(* Let $R$ be a ring, $\mathfrak a\in\mathrm{Ass}_l(R)$, $S\in\mathrm{Den}_l(R,\mathfrak a)$ and $A=S^{-1}R$. Then $A=Q_{\mathfrak a}(R)$ (i.e. the natural ring homomorphism $S^{-1}R\to S_{\mathfrak a}(R)^{-1}R$, $s^{-1}r\mapsto s^{-1}r$, is an isomorphism) if and only if $Q_l(A)=A$ (i.e. the natural embedding $A\to Q_l(A)$ is an isomorphism).
   Context: Rings are associative with $1$. A multiplicatively closed subset $S$ ($1\in S$, $0\notin S$) is a left Ore set if $Sr\cap Rs\ne\emptyset$ for all $r\in R,s\in S$; $\mathrm{ass}(S):=\{r\mid sr=0\text{ for some }s\in S\}$; it is a left denominator set if moreover $rs=0$ ($s\in S$) implies $tr=0$ for some $t\in S$. $\mathrm{Den}_l(R)$ is the set of left denominator sets, $\mathrm{Ass}_l(R)=\{\mathrm{ass}(S)\mid S\in\mathrm{Den}_l(R)\}$, $\mathrm{Den}_l(R,\mathfrak a)=\{S\mid\mathrm{ass}(S)=\mathfrak a\}$; $S_{\mathfrak a}(R)$ is the largest element of $\mathrm{Den}_l(R,\mathfrak a)$ and $Q_{\mathfrak a}(R):=S_{\mathfrak a}(R)^{-1}R$. For a ring $B$, $Q_l(B):=S_0(B)^{-1}B$ where $S_0(B)$ is the largest element of $\mathrm{Den}_l(B,0)$. *)

From HB Require Import structures.
From mathcomp Require Import all_boot all_order all_algebra.
Set Implicit Arguments. Unset Strict Implicit. Unset Printing Implicit Defensive.
Import GRing.Theory.
Local Open Scope ring_scope.

Definition mult_closed (R : nzRingType) (S : R -> Prop) : Prop :=
  S 1 /\ ~ S 0 /\ (forall s t, S s -> S t -> S (s * t)).

Definition left_ore (R : nzRingType) (S : R -> Prop) : Prop :=
  forall r s, S s -> exists s' r', S s' /\ s' * r = r' * s.

Definition ass (R : nzRingType) (S : R -> Prop) (r : R) : Prop :=
  exists s, S s /\ s * r = 0.

Definition left_den (R : nzRingType) (S : R -> Prop) : Prop :=
  [/\ mult_closed S, left_ore S &
      forall r s, S s -> r * s = 0 -> exists t, S t /\ t * r = 0].

Definition den_l_at (R : nzRingType) (a : R -> Prop) (S : R -> Prop) : Prop :=
  left_den S /\ (forall r, ass S r <-> a r).

Definition largest_den (R : nzRingType) (a : R -> Prop) (T : R -> Prop) : Prop :=
  den_l_at a T /\
  (forall S', den_l_at a S' -> forall x, S' x -> T x).

Definition zero_ideal (R : nzRingType) (r : R) : Prop := r = 0.

(* sigma : R -> A is a left localization of R at the left denominator set S,
   i.e. (A, sigma) is (a model of) the left ring of fractions S^{-1}R:
   sigma(S) consists of units, every element is sigma(s)^{-1} sigma(r),
   and ker sigma = ass(S). *)
Definition left_localization (R A : nzRingType) (S : R -> Prop)
    (sigma : {rmorphism R -> A}) : Prop :=
  [/\ forall s, S s -> exists u, u * sigma s = 1 /\ sigma s * u = 1,
      forall x : A, exists s r, S s /\ sigma s * x = sigma r &
      forall r, sigma r = 0 <-> ass S r].

From HB Require Import structures.
From mathcomp Require Import all_boot all_order all_algebra.
From Stdlib Require Import IndefiniteDescription.
Set Implicit Arguments. Unset Strict Implicit.
Local Open Scope ring_scope.
Import GRing.Theory.

(* For any ring A, the units form a left denominator set with ass = 0, so they
   lie in S_0(A), and Q_l(A) = A exactly when S_0(A) consists of units.
   If S^{-1}R ~ Q_a(R), the preimage of S_0(A) under R -> A is a left
   denominator set with ass = a, hence contained in S_a(R), whose image in
   Q_a(R) = A consists of units; so S_0(A) consists of units.  Conversely the
   universal property gives an injective map A -> Q_a(R) = T^{-1}R; the
   preimage in A of the units of Q_a(R) is a left denominator set with
   ass = 0, so it consists of units of A, and every fraction t^{-1} r of
   Q_a(R) then comes from A. *)

Definition invertible (X : nzRingType) (a : X) := exists u, u * a = 1 /\ a * u = 1.

Section Invertible.
Variable X : nzRingType.
Implicit Types a b y z : X.

Lemma invertible1 : invertible (1 : X).
Proof. by exists 1; rewrite mulr1. Qed.

Lemma invertible0 : ~ invertible (0 : X).
Proof. by move=> [u [+ _]]; rewrite mulr0 => /eqP; rewrite eq_sym oner_eq0. Qed.

Lemma invertible_lcancel a y z : invertible a -> a * y = a * z -> y = z.
Proof. by move=> [u [ua _]] e; rewrite -[y]mul1r -[z]mul1r -ua -!mulrA e. Qed.

Lemma invertibleM a b : invertible a -> invertible b -> invertible (a * b).
Proof.
move=> [u [ua au]] [v [vb bv]]; exists (v * u); split.
  by rewrite mulrA -(mulrA v) ua mulr1 vb.
by rewrite mulrA -(mulrA a) bv mulr1 au.
Qed.

Lemma invertibleMl a b : invertible b -> invertible (a * b) -> invertible a.
Proof.
move=> [v [vb bv]] ab_inv; have -> : a = a * b * v by rewrite -mulrA bv mulr1.
by apply: invertibleM => //; exists b.
Qed.

Lemma invertibleMr a b : invertible a -> invertible (a * b) -> invertible b.
Proof.
move=> [u [ua au]] ab_inv; have -> : b = u * (a * b) by rewrite mulrA ua mul1r.
by apply: invertibleM => //; exists a.
Qed.

End Invertible.

Lemma bij_rmorph_invertible (A B : nzRingType) (h : {rmorphism A -> B}) (a : A) :
  bijective h -> invertible (h a) -> invertible a.
Proof.
move=> [k hK kK] [v [va av]]; have h_inj := can_inj hK.
by exists (k v); split; apply: h_inj; rewrite rmorphM kK ?va ?av rmorph1.
Qed.

Lemma inj_surj_bijective (A B : Type) (h : A -> B) :
  injective h -> (forall y, exists x, h x = y) -> bijective h.
Proof.
move=> h_inj h_surj.
pose k y := proj1_sig (constructive_indefinite_description _ (h_surj y)).
have hK y : h (k y) = y by rewrite /k; case: constructive_indefinite_description.
by exists k => [x|y]; [apply: h_inj; rewrite hK | apply: hK].
Qed.

Section LeftDenominatorSet.
Variables (R : nzRingType) (S : R -> Prop).
Hypothesis HS : left_den S.

Lemma left_den1 : S 1.
Proof. by case: HS => [[]]. Qed.

Lemma left_den_neq0 : ~ S 0.
Proof. by case: HS => [[_ []]]. Qed.

Lemma left_denM s t : S s -> S t -> S (s * t).
Proof. by case: HS => [[_ [_ SM]] _ _]; apply: SM. Qed.

Lemma left_den_ore r s : S s -> exists s' r', S s' /\ s' * r = r' * s.
Proof. by case: HS => [_ ore _]; apply: ore. Qed.

Lemma left_den_ass r s : S s -> r * s = 0 -> ass S r.
Proof. by case: HS => [_ _ rev]; apply: rev. Qed.

Variables (X : nzRingType) (f : {rmorphism R -> X}).
Hypothesis f_frac : forall x, exists s r, S s /\ f s * x = f r.

Lemma common_denominator x1 x2 :
  exists s r1 r2, [/\ S s, f s * x1 = f r1 & f s * x2 = f r2].
Proof.
have [s1 [r1 [Ss1 e1]]] := f_frac x1; have [s2 [r2 [Ss2 e2]]] := f_frac x2.
have [s' [r' [Ss' e3]]] := left_den_ore s1 Ss2.
exists (s' * s1), (s' * r1), (r' * r2); split; first exact: left_denM.
  by rewrite !rmorphM -mulrA e1.
by rewrite e3 !rmorphM -mulrA e2.
Qed.

End LeftDenominatorSet.
Lemma holomorphic_at_div_affine (h : C -> C) (c0 al la : C) :
  holomorphic_at h (RtoC 0) -> al <> RtoC 0 ->
  holomorphic_at (fun w => Cdiv (Cminus (h w) c0) (Cplus al (Cmult la w))) (RtoC 0).
Proof.
  intros [r [Hr H]] Hal.
  assert (Hap : 0 < Cmod al) by now apply Cmod_gt_0.
  assert (Hla := Cmod_ge_0 la).
  exists (Rmin r (Cmod al / (Cmod la + 1))).
  split; [apply Rmin_pos; [exact Hr | apply Rdiv_lt_0_compat; lra]|].
  intros z Hz. rewrite Cminus_0_r in Hz.
  apply C_differentiable_at_div_affine.
  - apply H. rewrite Cminus_0_r. exact (Rlt_le_trans _ _ _ Hz (Rmin_l _ _)).
  - apply affine_neq0_near0. exact (Rlt_le_trans _ _ _ Hz (Rmin_r _ _)).
Qed.

(** * Polar parts *)

(* [polar_part g z0 N c] is, by definition, [polar_part0 (fun s => g (s + z0)) N c]. *)
Definition polar_part0 (phi : C -> C) (N : nat) (c : nat -> C) : Prop :=
  exists (h : C -> C) (d : R), 0 < d /\ holomorphic_at h (RtoC 0) /\
    forall s, 0 < Cmod s < d -> phi s = Cplus (Csum1 N (fun j => Cdiv (c j) (Cpow s j))) (h s).

Lemma polar_part0_ext (phi psi : C -> C) (N : nat) (c : nat -> C) (d0 : R) :
  0 < d0 -> (forall s, 0 < Cmod s < d0 -> phi s = psi s) ->
  polar_part0 phi N c -> polar_part0 psi N c.
Proof.
  intros Hd0 E [h [d [Hd [Hh H]]]]. exists h, (Rmin d d0).
  split; [now apply Rmin_pos|]. split; [exact Hh|].
  intros s [Hs0 Hs]. rewrite <- E, H; [reflexivity | |].
  - split; [exact Hs0 | exact (Rlt_le_trans _ _ _ Hs (Rmin_l _ _))].
  - split; [exact Hs0 | exact (Rlt_le_trans _ _ _ Hs (Rmin_r _ _))].
Qed.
===============
• EXERCISE INSTRUCTIONS:
Please give back exactly the lines of the listing above that run from the one containing "Lemma common_denominator x1" through the one containing "(* [polar_part g", and only those.

• YOUR RESPONSE:
Lemma common_denominator x1 x2 :
  exists s r1 r2, [/\ S s, f s * x1 = f r1 & f s * x2 = f r2].
Proof.
have [s1 [r1 [Ss1 e1]]] := f_frac x1; have [s2 [r2 [Ss2 e2]]] := f_frac x2.
have [s' [r' [Ss' e3]]] := left_den_ore s1 Ss2.
exists (s' * s1), (s' * r1), (r' * r2); split; first exact: left_denM.
  by rewrite !rmorphM -mulrA e1.
by rewrite e3 !rmorphM -mulrA e2.
Qed.

End LeftDenominatorSet.
Lemma holomorphic_at_div_affine (h : C -> C) (c0 al la : C) :
  holomorphic_at h (RtoC 0) -> al <> RtoC 0 ->
  holomorphic_at (fun w => Cdiv (Cminus (h w) c0) (Cplus al (Cmult la w))) (RtoC 0).
Proof.
  intros [r [Hr H]] Hal.
  assert (Hap : 0 < Cmod al) by now apply Cmod_gt_0.
  assert (Hla := Cmod_ge_0 la).
  exists (Rmin r (Cmod al / (Cmod la + 1))).
  split; [apply Rmin_pos; [exact Hr | apply Rdiv_lt_0_compat; lra]|].
  intros z Hz. rewrite Cminus_0_r in Hz.
  apply C_differentiable_at_div_affine.
  - apply H. rewrite Cminus_0_r. exact (Rlt_le_trans _ _ _ Hz (Rmin_l _ _)).
  - apply affine_neq0_near0. exact (Rlt_le_trans _ _ _ Hz (Rmin_r _ _)).
Qed.

(** * Polar parts *)

(* [polar_part g z0 N c] is, by definition, [polar_part0 (fun s => g (s + z0)) N c]. *)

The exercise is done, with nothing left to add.